Only the lines from the one containing "a b P (- D, 1)]))." through the end of the listing below belong in your answer; retype them exactly.

--- SUPPLIED DATA Enclosed Below ---

Lemma dot_segment_gt0 f A B W :
  segment A B W -> 0 < dot f A -> 0 < dot f B -> 0 < dot f W.
Proof.
case/segmentP=> s /andP[s0 s1] -> hA hB; rewrite dot_lincomb.
have [->|s_neq0] := eqVneq s 0; first by rewrite subr0 mul1r mul0r addr0.
by rewrite ltr_wpDl ?mulr_ge0 ?subr_ge0 ?(ltW hA) // mulr_gt0 // lt_def s_neq0.
Qed.

Lemma cone_segment A B X m n : 0 <= m -> 0 <= n -> X = lincomb m n A B ->
  X != (0, 0) -> exists2 t, 0 < t & segment A B (X.1 / t, X.2 / t).
Proof.
move=> hm hn -> hX; have mn_gt0 : 0 < m + n.
  rewrite lt_def addr_ge0 // andbT; apply: contraNneq hX => mn0.
  have [-> ->] : m = 0 /\ n = 0 by split; lra.
  by rewrite /lincomb !mul0r addr0.
exists (m + n) => //; apply/segmentP; exists (n / (m + n)).
  rewrite divr_ge0 ?(ltW mn_gt0) //= ler_pdivrMr // mul1r; lra.
by rewrite lincomb_div; congr lincomb; field; rewrite lt0r_neq0.
Qed.

Lemma side_lincomb A B m n : side A B (lincomb m n A B) = - cross A B * (m + n - 1).
Proof. rewrite /side /cross /lincomb /=; ring. Qed.

Lemma side_left A B : side A B A = 0.
Proof. rewrite /side; ring. Qed.

Lemma side_right A B : side A B B = 0.
Proof. rewrite /side; ring. Qed.

Lemma neg_coord_neq0 X : X.1 < 0 \/ X.2 < 0 -> X != (0, 0).
Proof. by case: X => x1 x2 /= hX; apply/eqP => -[e1 e2]; case: hX; rewrite ?e1 ?e2 ltxx. Qed.

Lemma int_le_Nr1 (i : int) : i < 0 -> (i%:~R : R) <= -1.
Proof. by move=> i_lt0; have : i <= -1 by []; rewrite -(ler_int R) mulrN1z. Qed.

Lemma ptR_neg (y : int * int) : Num.min y.1 y.2 < 0 ->
  (ptR y : R * R).1 <= -1 \/ (ptR y : R * R).2 <= -1.
Proof. by rewrite gt_min => /orP[/int_le_Nr1|/int_le_Nr1]; [left|right]. Qed.

(* Half of [grad_ell a b P]; [dot (ell_normal a b P) X] is the polar form of [ell a b]. *)
Definition ell_normal a b P := (a * P.1 + b * (P.1 - P.2), - (b * (P.1 - P.2))).

Lemma dot_ell_normalC a b P X : dot (ell_normal a b P) X = dot (ell_normal a b X) P.
Proof. rewrite /dot /ell_normal /=; ring. Qed.

Lemma dot_ell_normal_diag a b P : dot (ell_normal a b P) P = ell a b P.
Proof. rewrite /dot /ell_normal /ell /=; ring. Qed.

Lemma dot_ell_normal_lincomb a b m n A B X :
  dot (ell_normal a b (lincomb m n A B)) X =
  m * dot (ell_normal a b A) X + n * dot (ell_normal a b B) X.
Proof. by rewrite dot_ell_normalC dot_lincomb !(dot_ell_normalC _ _ X). Qed.

Lemma ell_lincomb a b m n A B : ell a b (lincomb m n A B) =
  m ^+ 2 * ell a b A + n ^+ 2 * ell a b B + 2 * m * n * dot (ell_normal a b A) B.
Proof. rewrite /ell /lincomb /dot /ell_normal /=; ring. Qed.

Lemma ell_div a b X t : ell a b (X.1 / t, X.2 / t) = ell a b X / t ^+ 2.
Proof. by rewrite /ell /= -mulrBl !expr_div_n; ring. Qed.

Lemma ell_lagrange a b P X : ell a b P * ell a b X =
  dot (ell_normal a b P) X ^+ 2 + a * b * cross P X ^+ 2.
Proof. rewrite /ell /dot /ell_normal /cross /=; ring. Qed.

Lemma ell_gt0 a b X : 0 < a -> 0 < b -> X != (0, 0) -> 0 < ell a b X.
Proof.
case: X => x1 x2 ha hb hX; rewrite /ell /=.
have [x1_0|x1_neq0] := eqVneq x1 0.
  have x2_neq0 : x2 != 0 by apply: contraNneq hX => ->; rewrite x1_0.
  rewrite x1_0 expr0n mulr0 add0r sub0r sqrrN; apply: mulr_gt0 => //.
  by rewrite exprn_even_gt0 // x2_neq0 orbT.
have : 0 < a * x1 ^+ 2 by rewrite mulr_gt0 // exprn_even_gt0 // x1_neq0 orbT.
have : 0 <= b * (x1 - x2) ^+ 2 by rewrite mulr_ge0 ?sqr_ge0 // ltW.
lra.
Qed.

Lemma tangent_lineE a b P X : tangent_line a b P X <-> dot (ell_normal a b P) X = ell a b P.
Proof.
have E : (grad_ell a b P).1 * (X.1 - P.1) + (grad_ell a b P).2 * (X.2 - P.2) =
    2 * (dot (ell_normal a b P) X - ell a b P).
  by rewrite /grad_ell /dot /ell_normal /ell /=; ring.
rewrite /tangent_line /= E; split=> [/eqP|->]; last by rewrite subrr mulr0.
by rewrite mulf_eq0 pnatr_eq0 /= subr_eq0 => /eqP.
Qed.

Lemma normal_dirP a b P u : normal_dir a b P u ->
  exists2 c, 0 < c & ell_normal a b P = (c * u.1, c * u.2).
Proof.
case=> k [k_gt0]; rewrite /grad_ell /ell_normal => -[h1 h2].
exists (k / 2); first by rewrite divr_gt0.
by congr pair; rewrite mulrAC -?h1 -?h2; field.
Qed.

Lemma ellipse_point_normal a b W u : 0 < a -> 0 < b -> W != (0, 0) ->
  normal_dir a b W u -> exists P, ell a b P = 1 /\ normal_dir a b P u.
Proof.
move=> ha hb hW [k [k_gt0]]; rewrite /grad_ell => -[h1 h2].
have eW_gt0 := ell_gt0 ha hb hW; set t := Num.sqrt (ell a b W).
have t_gt0 : 0 < t by rewrite sqrtr_gt0.
exists (W.1 / t, W.2 / t); split.
  by rewrite ell_div sqr_sqrtr ?divff ?(ltW eW_gt0) ?lt0r_neq0.
exists (k / t); split; first by rewrite divr_gt0.
rewrite /grad_ell /=; congr pair.
  by transitivity (2 * (a * W.1 + b * (W.1 - W.2)) / t); [ring | rewrite h1; ring].
by transitivity (- (2 * (b * (W.1 - W.2))) / t); [ring | rewrite h2; ring].
Qed.

Section UnitEllipse.
Variables (a b : R).
Hypotheses (a_gt0 : 0 < a) (b_gt0 : 0 < b).

Lemma dot_ell_normal_le1 P X :
  ell a b P = 1 -> ell a b X = 1 -> dot (ell_normal a b P) X <= 1.
Proof.
move=> eP eX; have := ell_lagrange a b P X; rewrite eP eX mulr1.
have := mulr_ge0 (mulr_ge0 (ltW a_gt0) (ltW b_gt0)) (sqr_ge0 (cross P X)).
nra.
Qed.

Lemma dot_ell_normal_lt1 P X : ell a b P = 1 -> ell a b X = 1 ->
  cross P X != 0 -> dot (ell_normal a b P) X < 1.
Proof.
move=> eP eX hPX; have := ell_lagrange a b P X; rewrite eP eX mulr1.
have c2_gt0 : 0 < cross P X ^+ 2 by rewrite exprn_even_gt0 // hPX orbT.
have := mulr_gt0 (mulr_gt0 a_gt0 b_gt0) c2_gt0.
nra.
Qed.

Lemma ellipse_lincomb_sqr A B m n : ell a b A = 1 -> ell a b B = 1 ->
  ell a b (lincomb m n A B) = 1 ->
  (m + n) ^+ 2 = 1 + 2 * (m * n) * (1 - dot (ell_normal a b A) B).
Proof. by move=> eA eB e; rewrite -[X in _ = X + _]e ell_lincomb eA eB; ring. Qed.

Lemma ellipse_cone_sum A B m n : ell a b A = 1 -> ell a b B = 1 -> cross A B != 0 ->
  ell a b (lincomb m n A B) = 1 -> (0 <= m /\ 0 <= n) <-> 1 <= m + n.
Proof.
move=> eA eB hAB e; have sq := ellipse_lincomb_sqr eA eB e.
have B0_gt0 : 0 < 1 - dot (ell_normal a b A) B by rewrite subr_gt0 dot_ell_normal_lt1.
set B0 := 1 - _ in sq B0_gt0.
split=> [[m0 n0]|s1].
  have : 0 <= m * n * B0 by rewrite !mulr_ge0 // ltW.
  nra.
have mn_ge0 : 0 <= m * n.
  rewrite leNgt; apply/negP => mn_lt0.
  have : m * n * B0 < 0 by rewrite pmulr_llt0.
  nra.
split; nra.
Qed.

Lemma ellipse_cone_sum_gt1 A B m n : ell a b A = 1 -> ell a b B = 1 -> cross A B != 0 ->
  ell a b (lincomb m n A B) = 1 -> 0 < m -> 0 < n -> 1 < m + n.
Proof.
move=> eA eB hAB e m0 n0; have sq := ellipse_lincomb_sqr eA eB e.
have B0_gt0 : 0 < 1 - dot (ell_normal a b A) B by rewrite subr_gt0 dot_ell_normal_lt1.
set B0 := 1 - _ in sq B0_gt0.
have : 0 < m * n * B0 by rewrite !mulr_gt0.
nra.
Qed.

End UnitEllipse.
End Plane.

Section Contour.
Variables (R : realType) (a b D : R).
Hypotheses (a_gt0 : 0 < a) (b_gt0 : 0 < b) (D_gt1 : 1 < D) (a_lt : a < b * (D - 1)).

Local Notation t2 := (T2 a b D).
Local Notation t3 := (T3 a b D).
Local Notation k2 := (K2 a b D).
Local Notation k3 := (K3 a b D).
Local Notation arc := (arcT2T3 a b D).
Local Notation nrm := (ell_normal a b).
Local Notation phiD := (phi a b D).

Let bD_gt0 : 0 < b * (D - 1). Proof. by rewrite mulr_gt0 // subr_gt0. Qed.

(* The witnesses [W] below have [ell_normal a b W = a * b * n] for the prescribed
   direction [n]; rescaling [W] onto the ellipse keeps that direction. *)
Lemma t2_spec : ell a b t2 = 1 /\ normal_dir a b t2 (1, - D).
Proof.
apply: (xgetPex (0, 0) (P := [set P | ell a b P = 1 /\ normal_dir a b P (1, - D)])).
apply: (ellipse_point_normal (W := (- (b * (D - 1)), - (b * (D - 1)) - a * D))) => //.
  by rewrite xpair_eqE oppr_eq0 (gt_eqF bD_gt0).
by exists (2 * (a * b)); split; [rewrite !mulr_gt0 | rewrite /grad_ell /=; congr pair; ring].
Qed.

Lemma t3_spec : ell a b t3 = 1 /\ normal_dir a b t3 (- D, 1).
Proof.
apply: (xgetPex (0, 0) (P := [set P | ell a b P = 1 /\ normal_dir a b P (- D, 1)])).
apply: (ellipse_point_normal (W := (- (b * (D - 1)), - (b * (D - 1)) + a))) => //.
  by rewrite xpair_eqE oppr_eq0 (gt_eqF bD_gt0).
by exists (2 * (a * b)); split; [rewrite !mulr_gt0 | rewrite /grad_ell /=; congr pair; ring].
Qed.

Lemma ell_t2 : ell a b t2 = 1. Proof. exact: t2_spec.1. Qed.
Lemma ell_t3 : ell a b t3 = 1. Proof. exact: t3_spec.1. Qed.

Lemma t2_normal : exists2 c, 0 < c & nrm t2 = (c, - (c * D)).
Proof. by have [_ /normal_dirP [c c_gt0 ->]] := t2_spec; exists c; rewrite //= mulr1 mulrN. Qed.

--- End of Enclosed SUPPLIED DATA ---

- _RESPONSE BOX_:
apply: (xgetPex (0, 0) (P := [set P | ell a b P = 1 /\ normal_dir a b P (- D, 1)])).
apply: (ellipse_point_normal (W := (- (b * (D - 1)), - (b * (D - 1)) + a))) => //.
  by rewrite xpair_eqE oppr_eq0 (gt_eqF bD_gt0).
by exists (2 * (a * b)); split; [rewrite !mulr_gt0 | rewrite /grad_ell /=; congr pair; ring].
Qed.

Lemma ell_t2 : ell a b t2 = 1. Proof. exact: t2_spec.1. Qed.
Lemma ell_t3 : ell a b t3 = 1. Proof. exact: t3_spec.1. Qed.

Lemma t2_normal : exists2 c, 0 < c & nrm t2 = (c, - (c * D)).
Proof. by have [_ /normal_dirP [c c_gt0 ->]] := t2_spec; exists c; rewrite //= mulr1 mulrN. Qed.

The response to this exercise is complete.